The group’s reasoning about research purposes can be questioned, and it seems to relinquish at least some of the authority that the Data Protection Authority ascribes to it in its opinion.

Pär Segerdahl

Approaching future issues - the Ethics Blog

Experts on assignment in the real world

Pär SegerdahlExperts on assignment in the real world cease in part to be experts. Just consider computer experts who create a computer system for the tax authorities, or for a bank, or for a hospital.

In order for these systems to work on location, the computer experts need to be open to what they don’t know much about: the unique activities at the tax authorities, or at the bank, or at the hospital.

Computer experts who aren’t open to their non-expertise on the site where they are on assignment perform worse as experts and will deliver inferior systems.

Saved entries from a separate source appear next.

Lemma alpha_ev (i k : 'Z_n) : alpha i (ev k) = ev (i + k).
Proof. by apply/ffunP => m; rewrite !ffunE subr_eq [k + i]addrC. Qed.

Lemma vec_decomp u : u = \sum_k ev k *+ u k.
Proof.
apply/ffunP => m; rewrite sum_ffunE (bigD1 m) //= big1 => [|k km].
  by rewrite addr0 ffunMnE ffunE eqxx natr_Zp.
by rewrite ffunMnE ffunE eq_sym (negPf km) mul0rn.
Qed.

Lemma bform_bcoord u w : bform J u w = \sum_l w l * bcoord J u l.
Proof.
rewrite /bform exchange_big; apply: eq_bigr => l _.
by rewrite /bcoord mulr_sumr; apply: eq_bigr => k _; rewrite mulrCA mulrA.
Qed.

Lemma bform_ev u m : bform J u (ev m) = bcoord J u m.
Proof.
rewrite bform_bcoord (bigD1 m) //= big1 => [|k km]; last by rewrite ffunE (negPf km) mul0r.
by rewrite ffunE eqxx mul1r addr0.
Qed.

Lemma bcoord_ev (i m : 'Z_n) : bcoord J (ev i) m = J (m - i).
Proof.
rewrite /bcoord (bigD1 i) //= big1 => [|k ki]; last by rewrite ffunE (negPf ki) mul0r.
by rewrite ffunE eqxx mul1r addr0.
Qed.

Lemma bcoord_add u v m : bcoord J (vadd u v) m = bcoord J u m + bcoord J v m.
Proof. by rewrite /bcoord -big_split; apply: eq_bigr => k _; rewrite ffunE mulrDl. Qed.

Lemma bcoord_alpha (i : 'Z_n) v m : bcoord J (alpha i v) m = bcoord J v (m - i).
Proof.
rewrite /bcoord (reindex_inj (addIr i)) /=; apply: eq_bigr => k _.
by rewrite ffunE addrK opprD addrA addrAC.
Qed.

Lemma bcoord0 m : bcoord J (vzero n) m = 0.
Proof. by rewrite /bcoord big1 // => k _; rewrite ffunE mul0r. Qed.

Lemma bform_addl u v w : bform J (vadd u v) w = bform J u w + bform J v w.
Proof.
rewrite !bform_bcoord -big_split; apply: eq_bigr => l _.
by rewrite bcoord_add mulrDr.
Qed.

Lemma bform_addr u v w : bform J u (vadd v w) = bform J u v + bform J u w.
Proof.
by rewrite !bform_bcoord -big_split; apply: eq_bigr => l _; rewrite ffunE mulrDl.
Qed.

Lemma bform_0r u : bform J u (vzero n) = 0.
Proof. by rewrite bform_bcoord big1 // => l _; rewrite ffunE mul0r. Qed.

Lemma Badd_assoc a c (d : Bt n) : Badd J (Badd J a c) d = Badd J a (Badd J c d).
Proof.
rewrite /Badd /=; congr (_, _); first by apply/ffunP => k; rewrite !ffunE addrA.
by rewrite bform_addl bform_addr; ring.
Qed.

Lemma Badd0 a : Badd J a (vzero n, 0) = a.
Proof.
case: a => u i; rewrite /Badd /= bform_0r !addr0; congr (_, _).
by apply/ffunP => k; rewrite !ffunE addr0.
Qed.

Lemma Badd_cancel a c (d : Bt n) : Badd J a d = Badd J c d -> a = c.
Proof.
case: a c => [u i] [v j] /= E.
have Euv : u = v.
  by apply/ffunP => k; have /ffunP/(_ k) := congr1 fst E; rewrite !ffunE => /addIr.
by subst v; congr (_, _); have /= /addIr/addIr := congr1 snd E.
Qed.

Lemma Badd_lamX_emb a (x : Xt n) : Badd J a (emb (lamX J a x)) = Bcirc a (emb x).
Proof.
case: a x => u i [k l]; rewrite lamXE /Badd /Bcirc /emb /= alpha_ev bform_ev.
by congr (_, _); ring.
Qed.

Lemma lamX_emb (x : Xt n) : lamX J (emb x) = sigma J x.
Proof. by apply/permP => y; rewrite lamXE /sigma permE /sigma_fun /= bcoord_ev. Qed.

Lemma lamX_circ a c : lamX J (Bcirc a c) = (lamX J c * lamX J a)%g.
Proof.
apply/permP => y; rewrite permM !lamXE /= bcoord_add bcoord_alpha.
have -> : a.2 + c.2 + y.1 - a.2 = c.2 + y.1 by ring.
by rewrite !addrA; congr (_, _); ring.
Qed.

Lemma lamX0 : lamX J (vzero n, 0) = 1%g.
Proof. by apply/permP => y; rewrite lamXE perm1 /= add0r bcoord0 subr0; case: y. Qed.

Lemma lamX_add_emb a (y : Xt n) :
  lamX J (Badd J a (emb y)) = (sigma J ((lamX J a)^-1%g y) * lamX J a)%g.
Proof. by rewrite -{1}(permKV (lamX J a) y) Badd_lamX_emb lamX_circ lamX_emb. Qed.

Lemma lamX_radical u : (forall v, bform J u v = 0) -> lamX J (u, 0) = 1%g.
Proof.
move=> rad_u; apply/permP => y.
by rewrite lamXE perm1 /= add0r -bform_ev rad_u subr0; case: y.
Qed.

Lemma lamX_injP : injective (lamX J) <-> nonsingular J.
Proof.
split=> [inj_lamX u rad_u | ns [u i] [v j] E].
  by have [] := inj_lamX _ _ (etrans (lamX_radical rad_u) (esym lamX0)).
have Eij : i = j.
  have /(congr1 fst) := congr1 (fun p : {perm Xt n} => p (0, 0)) E.
  by rewrite !lamXE /= !addr0.
subst j; have Ec m : bcoord J u m = bcoord J v m.
  have /(congr1 snd) := congr1 (fun p : {perm Xt n} => p (m - i, 0)) E.
  by rewrite !lamXE /= [i + _]addrC subrK !sub0r => /oppr_inj.
suff /subr0_eq -> : u - v = vzero n by [].
apply: ns => w; rewrite bform_bcoord big1 // => l _.
suff -> : bcoord J (u - v) l = 0 by rewrite mulr0.
rewrite -(subrr (bcoord J v l)) -{1}Ec /bcoord -sumrB.
by apply: eq_bigr => k _; rewrite !ffunE mulrBl.
Qed.

End BraceB.

(* lamX J maps B_J onto calG J: its image is a group containing the
   generators sigma_x = lamX (e_i, j), and (B, circ) is generated by the
   (e_k, 0) and the (0, i) = (e_0, 0)^-1 circ (e_0, i). *)
Section LamXImage.
Variables (n : nat) (J : 'Z_n -> 'Z_n).

Lemma sigma_in_calG (x : Xt n) : sigma J x \in calG J.
Proof. exact/mem_gen/imset_f. Qed.

Lemma lamX_vec_in_calG (u : vec n) : lamX J (u, 0) \in calG J.
Proof.
have closedD v w : lamX J (v, 0) \in calG J -> lamX J (w, 0) \in calG J ->
    lamX J (v + w, 0) \in calG J.
  have -> : (v + w, 0) = Bcirc (v, 0) (w, 0) by rewrite /Bcirc /= alpha0 addr0.
  by rewrite lamX_circ => Cv Cw; apply: groupM.
have ev_in k : lamX J (ev k, 0) \in calG J.
  by rewrite -[(ev k, 0)]/(emb (k, 0)) lamX_emb sigma_in_calG.
have lamX00 : lamX J (0, 0) = 1%g := lamX0 J.
rewrite (vec_decomp u); apply: (big_ind (fun v => lamX J (v, 0) \in calG J)).
- by rewrite lamX00 group1.
- exact: closedD.
move=> k _; elim: (nat_of_ord (u k)) => [|m IHm]; last by rewrite mulrSr closedD.
by rewrite mulr0n lamX00 group1.
Qed.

Experts can therefore not in practice be only experts. If one exaggerates one’s role as an expert, one fails on assignment in the real world.

This should apply also to other forms of expertise. My guess is that legal experts almost always find themselves in this precarious situation of being experts in a reality that constantly forces them to open themselves to their non-expertise. In fact, law appears to be an occupation that to an unusually high degree develops this openness systematically. I admire how legal experts constantly learn about the multifarious realities they act in.

Jurists should be a role model for computer experts and economic experts: because they methodically manage their inevitable non-expertise.

This post indicates the spirit in which I (as legal non-expert) took the liberty to question the Swedish Data Inspection Board’s shutting down of LifeGene and more recent rejection of a proposed law on research databases.

Can one be an expert “purely” on data protection? I think not. My impression is that the Data Inspection Board, on assignment in the world of research, didn’t open itself to its non-expertise in this reality. They acted (it seems to me) as if data protection issues could be handled as a separate field of expertise, without carefully considering the unique conditions of contemporary research and the kinds of aims that research initiatives can have.

Perhaps the temptation resides in the Board’s role as a public body: as an authority with a seemingly “pure” mission.